You must not choose it when the parties are full of fight, when they are confident they are going to win, when they are confident, not merely in the justice of their case, but in the invincibility of their counsel. Who can stand against it? That is not the time to settle. You have got to wait until difficulties have cropped up which they had never foreseen, when doubt begins to enter their minds as to the completeness of their victory, when the costs are mounting up, and the only smile is on the face of the solicitor, when they are tired out by pleadings and counter-pleadings and all the delays and wearing mechanism of the law. That is the time.
But if you propose too soon, it means not merely that you fail then, but that you interpose obstacles in the way of settling at the right time."
- David Lloyd George, the then Prime Minister, in the House of Commons on 14 December 1921.
In other words, you have to know when the enemy is defeated in order to impose conditions for a peace process.
That's why Frankie Quinn, senior member of the PIRA's East Tyrone brigade, said the following:
"We were saying the armed struggle’s failed, it can’t win. The jails are filling up, people are dying left, right and centre and the British are getting the better hand on us.
Obviously we knew in our hearts that we were deeply, deeply infiltrated at a very high level.
The armed struggle had to stop. We’d dump weapons, call the ceasefire, and then go into talks."
That's a sincere acknowledgement of defeat from a senior member of PIRA.
Another member of PIRA, Kieran Conway agreed with this and said the following:
"The attrition rate was just so appalling.
The SAS, the British intelligence services were obviously in a position to intercept most operations.
It was absolutely clear that we were losing if we hadn’t already lost the war and that it was time to cash in the chips.”
PIRA member John Crawley, an ex-US Marine before joining PIRA, asserted:
"It was a defeat for the Republican Movement, a complete military and ideological defeat across the board that opened up career paths for certain members of the leadership, but left us ideologically destroyed."
Crawley also described the British as "masters at counter-insurgency".
For PSF/PIRA anything less than total and outright victory is defeat.
To go back to David Lloyd George's 1921 statement above again, what the British Government did with the IRA in 1920 and 1998 can be summed up by Sun Tzu below:
"A surrounded army must be given a way out.
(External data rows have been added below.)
(* Let $n$ be a non-negative integer. Then \[ \sum_{k=0}^{\lfloor n/2\rfloor}\binom{n}{2k}2^{n-2k}\binom{2k}{k}H_{2k}^{(2)}=\binom{2n}{n}H_n^{(2)}-\sum_{k=0}^{n-1}\binom{2k}{k}2^{n-k}\frac{H_n-H_k}{n-k}, \] \[ \sum_{k=0}^{n}(-1)^k\binom{n}{k}2^{-k}\binom{2k}{k}H_k^{(2)}=-\sum_{k=0}^{\lfloor n/2\rfloor-1}\binom{2k}{k}2^{-2k}\frac{H_n-H_{2k}}{n-2k}+\begin{cases}2^{-n}\binom{n}{n/2}H_n^{(2)},&n\text{ even},\\[2pt]-2^{-n+1}\binom{n-1}{(n-1)/2}\dfrac1n,&n\text{ odd},\end{cases} \] and, more generally, for every real number $v$, \[ \sum_{k=0}^{\lfloor n/2\rfloor}\binom{n}{2k}2^{n-2k}\binom{2k}{k}\binom{(2k+v)/2}{v/2}^{-1}H_{2k}^{(2)}=\binom{2n+v}{(2n+v)/2}\binom{n+v}{v/2}^{-1}H_n^{(2)}-\sum_{k=0}^{n-1}\binom{2k+v}{(2k+v)/2}2^{n-k}\binom{k+v}{v/2}^{-1}\frac{H_n-H_k}{n-k}, \] \[ \begin{aligned} \sum_{k=0}^{n}(-1)^k\binom{n}{k}2^{-k}\binom{2k+v}{(2k+v)/2}\binom{k+v}{v/2}^{-1}H_k^{(2)} &=-\sum_{k=0}^{\lfloor n/2\rfloor-1}\binom{2k}{k}2^{-2k}\binom{(2k+v)/2}{v/2}^{-1}\frac{H_n-H_{2k}}{n-2k}\\ &\quad+\begin{cases}\binom{n}{n/2}2^{-n}\binom{(n+v)/2}{v/2}^{-1}H_n^{(2)},&n\text{ even},\\[2pt]-\binom{n-1}{(n-1)/2}2^{-n+1}\binom{(n-1+v)/2}{v/2}^{-1}\dfrac1n,&n\text{ odd}.\end{cases} \end{aligned} \]
   Context: For integers $m\ge0$, $H_m=\sum_{j=1}^m 1/j$ and $H_m^{(2)}=\sum_{j=1}^m 1/j^2$. Binomial coefficients with real or complex entries: $\binom{x}{y}=\frac{\Gamma(x+1)}{\Gamma(y+1)\Gamma(x-y+1)}$. Empty sums are zero. *)

From Stdlib Require Import Reals Factorial Rprod Binomial.
From Coquelicot Require Import Coquelicot.
Open Scope R_scope.

(* Euler's Gamma function via the Gauss product formula
   Gamma(x) = lim_{n->oo} n! n^x / (x (x+1) ... (x+n)),
   valid for every real x that is not a non-positive integer. *)
Definition Gamma (x : R) : R :=
  real (Lim_seq (fun n : nat =>
    INR (fact n) * Rpower (INR n) x / prod_f_R0 (fun j => x + INR j) n)).

Definition binomR (x y : R) : R :=
  Gamma (x + 1) / (Gamma (y + 1) * Gamma (x - y + 1)).

Fixpoint H (m : nat) : R :=
  match m with O => 0 | S p => H p + / INR (S p) end.
Fixpoint H2 (m : nat) : R :=
  match m with O => 0 | S p => H2 p + / (INR (S p) ^ 2) end.

Fixpoint sumR (f : nat -> R) (m : nat) : R :=
  match m with O => 0 | S p => sumR f p + f p end.

(* Ordinary binomial coefficient n choose k for natural entries, as a real
   (Stdlib's Binomial.C = n! / (k! (n-k)!); Coquelicot's C is the complexes). *)
Definition binomN (n k : nat) : R := Binomial.C n k.

(* The binomial transform (T_z b)_n = sum_j C(n,j) z^(n-j) b_j satisfies T_z T_w = T_(z+w).
   Summing the partial fraction identity
     C(n,k) (H2_n - H2_k) = sum_(j<n) C(j,k) (H_n - H_j) / (n - j)
   against z^(n-k) b_k gives
     sum_k C(n,k) z^(n-k) b_k H2_k
       = (T_z b)_n H2_n - sum_(j<n) z^(n-j) (H_n - H_j)/(n - j) (T_z b)_j.
   All four identities are this with z = 2 or z = -2, applied to
     c_n = binomR (2n+v) (n+v/2) / binomR (n+v) (v/2)   and
     e_(2k) = C(2k,k) / binomR (k+v/2) (v/2),  e_(2k+1) = 0.
   Both T_2 e and c satisfy (n+v+1) x_(n+1) = 2 (2n+v+1) x_n with x_0 = 1 (for T_2 e this is
   Zeilberger's recurrence), so T_2 e = c and hence T_(-2) c = e; v = 0 gives the classical case.
   Of Gamma we only need Gamma(x+1) = x Gamma(x), Gamma(1) = 1 and Gamma(x) <> 0 off the poles,
   which follow from the Gauss product once it converges; for x > 0 it is increasing and bounded
   (by ln n <= H_n and H2_n <= 2), and the functional equation carries this to all non-poles. *)

From Stdlib Require Import Reals Factorial Binomial Lra Lia.
From Coquelicot Require Import Coquelicot.
Open Scope R_scope.

Lemma sumR_S f m : sumR f (S m) = sumR f m + f m.
Proof. reflexivity. Qed.

Lemma sumR_ext f g m : (forall i, (i < m)%nat -> f i = g i) -> sumR f m = sumR g m.
Proof.
  induction m as [|m IH]; intros Hfg; simpl; [reflexivity|].
  rewrite IH, Hfg by (lia || (intros; apply Hfg; lia)). reflexivity.
Qed.

Lemma sumR_add f g m : sumR (fun i => f i + g i) m = sumR f m + sumR g m.
Proof. induction m as [|m IH]; simpl; [lra|]. rewrite IH; ring. Qed.

Lemma sumR_sub f g m : sumR (fun i => f i - g i) m = sumR f m - sumR g m.
Proof. induction m as [|m IH]; simpl; [lra|]. rewrite IH; ring. Qed.

Lemma sumR_scal c f m : sumR (fun i => c * f i) m = c * sumR f m.
Proof. induction m as [|m IH]; simpl; [lra|]. rewrite IH; ring. Qed.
The ancient rule of the charioteers says, “Surround them on three sides, leaving one side open, to show them a way to life. Show them a way to life so that they will not be in the mood to fight to the death…”
An enemy that knows it is defeated in all but name is given a way out to save face and spare further bloodshed.
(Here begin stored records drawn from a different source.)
Lemma is_left_nbhd_meet (U V : DA -> Prop) x :
  is_left_nbhd U x -> is_left_nbhd V x -> is_left_nbhd (fun y => U y /\ V y) x.
Proof.
move=> [|[a1 [Ha1 HU]]]; first by left. move=> [|[a2 [Ha2 HV]]]; first by left.
right; case: (DA_lt_total a1 a2) => [lt12|[E|lt21]].
- exists a2; split=> // y Hy Hyx; split; auto; apply: HU Hyx; exact: DA_lt_trans Hy.
- by subst; exists a2; split=> // y Hy Hyx; split; auto.
- exists a1; split=> // y Hy Hyx; split; auto; apply: HV Hyx; exact: DA_lt_trans Hy.
Qed.

Lemma is_right_nbhd_meet (U V : DA -> Prop) x :
  is_right_nbhd U x -> is_right_nbhd V x -> is_right_nbhd (fun y => U y /\ V y) x.
Proof.
move=> [|[b1 [Hb1 HU]]]; first by left. move=> [|[b2 [Hb2 HV]]]; first by left.
right; case: (DA_lt_total b1 b2) => [lt12|[E|lt21]].
- exists b1; split=> // y Hxy Hy; split; auto; apply: HV Hxy _; exact: DA_lt_trans lt12.
- by subst; exists b2; split=> // y Hxy Hy; split; auto.
- exists b2; split=> // y Hxy Hy; split; auto; apply: HU Hxy _; exact: DA_lt_trans lt21.
Qed.

Lemma DA_open_ext (U V : DA -> Prop) : (forall x, U x <-> V x) -> DA_open U -> DA_open V.
Proof.
move=> UV HU x /UV /HU [HL HR].
by split; [apply: is_left_nbhd_sub HL | apply: is_right_nbhd_sub HR] => y /UV.
Qed.

Lemma DA_open_meet (U V : DA -> Prop) : DA_open U -> DA_open V -> DA_open (fun x => U x /\ V x).
Proof.
move=> HU HV x [/HU [UL UR] /HV [VL VR]].
by split; [apply: is_left_nbhd_meet | apply: is_right_nbhd_meet].
Qed.

Lemma DA_open_join (U V : DA -> Prop) : DA_open U -> DA_open V -> DA_open (fun x => U x \/ V x).
Proof.
move=> HU HV x [/HU [HL HR] | /HV [HL HR]].
- by split; [apply: is_left_nbhd_sub HL | apply: is_right_nbhd_sub HR]; left.
- by split; [apply: is_left_nbhd_sub HL | apply: is_right_nbhd_sub HR]; right.
Qed.

Lemma DA_open_setT : DA_open (fun _ => True).
Proof.
move=> x _; split.
- by case: (DA_min_or_gt x) => [|[a Ha]]; [left | right; exists a].
- by case: (DA_max_or_lt x) => [|[b Hb]]; [left | right; exists b].
Qed.

Lemma DA_open_gt q : DA_open (fun u => DA_lt q u).
Proof.
move=> x Hqx; split; first by right; exists q.
case: (DA_max_or_lt x) => [|[b Hb]]; [by left | right; exists b; split=> // y Hxy _].
exact: DA_lt_le_trans Hxy.
Qed.

Lemma DA_open_lt q : DA_open (fun u => DA_lt u q).
Proof.
move=> x Hxq; split; last by right; exists q.
case: (DA_min_or_gt x) => [|[a Ha]]; [by left | right; exists a; split=> // y _ Hyx].
exact: DA_le_lt_trans Hyx _.
Qed.

(* [p, ->) is open because a right twin p = <a,1> is either the least point or has the
   immediate predecessor <a,0>. *)
Lemma DA_open_ge p : side p = true -> DA_open (fun u => DA_le p u).
Proof.
move=> Sp x Hpx; split; last first.
  case: (DA_max_or_lt x) => [|[b Hb]]; [by left | right; exists b; split=> // y Hxy _].
  exact: DA_le_trans Hxy.
case: Hpx => [Hpx|<-]; first by right; exists p; split=> // y Hy _; left.
have [Hp0 Hp1] := pt_bounds p.
case: (Req_dec (pt p) 0) => [E0|N0].
  left=> y; apply/DA_leE; have := pt_bounds y; have := @side_pt0 y.
  case: (Req_dec (pt y) 0) => [->|]; [right; split; [lra | right; auto] | left; lra].
have Hp : 0 < pt p < 1.
  by case: (Req_dec (pt p) 1) => [/side_pt1|]; [rewrite Sp | lra].
right; exists (mkDA (pt p) false); split.
  by rewrite DA_ltE pt_mkDA01 // side_mkDA01 //; right.
move=> y; rewrite DA_ltE pt_mkDA01 // side_mkDA01 // => Hy /DA_le_pt Hyp.
apply/DA_leE; case: Hy => [|[E [_ Sy]]]; [lra | right; split; auto].
Qed.

Lemma DA_open_le p : side p = false -> DA_open (fun u => DA_le u p).
Proof.
move=> Sp x Hxp; split.
  case: (DA_min_or_gt x) => [|[a Ha]]; [by left | right; exists a; split=> // y _ Hyx].
  exact: DA_le_trans Hxp.
case: Hxp => [Hxp|->]; first by right; exists p; split=> // y _ Hy; left.
have [Hp0 Hp1] := pt_bounds p.
case: (Req_dec (pt p) 1) => [E1|N1].
  left=> y; apply/DA_leE; have := pt_bounds y; have := @side_pt1 y.
  case: (Req_dec (pt y) 1) => [->|]; [right; split; [lra | left; auto] | left; lra].
have Hp : 0 < pt p < 1.
  by case: (Req_dec (pt p) 0) => [/side_pt0|]; [rewrite Sp | lra].
right; exists (mkDA (pt p) true); split.
  by rewrite DA_ltE pt_mkDA01 // side_mkDA01 //; right.
move=> y /DA_le_pt Hpy; rewrite DA_ltE pt_mkDA01 // side_mkDA01 // => Hy.
apply/DA_leE; case: Hy => [|[E [Sy _]]]; [lra | right; split; auto].
Qed.

Lemma open_right_interval U a : DA_open U -> U (mkDA a true) -> 0 < a < 1 ->
  exists e, a < e /\ forall t s, a < t < e -> t < 1 -> U (mkDA t s).
Proof.
move=> HU /HU [_ [Hmax|[b [Hab Hb]]]] Ha.
  have /DA_le_pt := Hmax (mkDA ((a + 1) / 2) true).
  by rewrite !pt_mkDA01; lra.
exists (pt b); split.
  by move: Hab; rewrite DA_ltE pt_mkDA01 // side_mkDA01 // => -[|[_ [//]]].
move=> t s Ht Ht1; have Ht01 : 0 < t < 1 by lra.
by apply: Hb; [left | ]; rewrite DA_ltE ?pt_mkDA01 //; left; lra.
Qed.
And ONLY an enemy that knows it is defeated in all but name WILL take the conditions given by the dominant power.
That is the position the IRA found itself in 1998. It was defeated and so accepted the conditions of the British Government which had been resolute for most of the 20th Century.
PIRA achieved NONE of their long held key core demands in the Belfast Agreement. The British Government, on the other hand, achieved their key core goals.
The UK Government did give PSF/PIRA a face saving way out. This has been called the propaganda of the peace.
I might as well introduce some of you to the SDLP's late Seamus Mallon's observation that the Belfast Agreement of 1998 was : "Sunningdale for slow learners."
Mallon meant the terrorists who completely rejected power sharing, principle of consent and UK Government presence in Northern Ireland were slow to realise they were very much in the wrong.
So, you have to defeat them or close to it to achieve a settlement.
Defeat is what happened to PIRA and led to the Belfast Agreement which meant the Provos went back on everything they claimed to be fighting for.
So much so Bobby Sands' family remain furious to this day Provisional Sinn Féin use his name and likeness to push a shaky narrative to their faithful.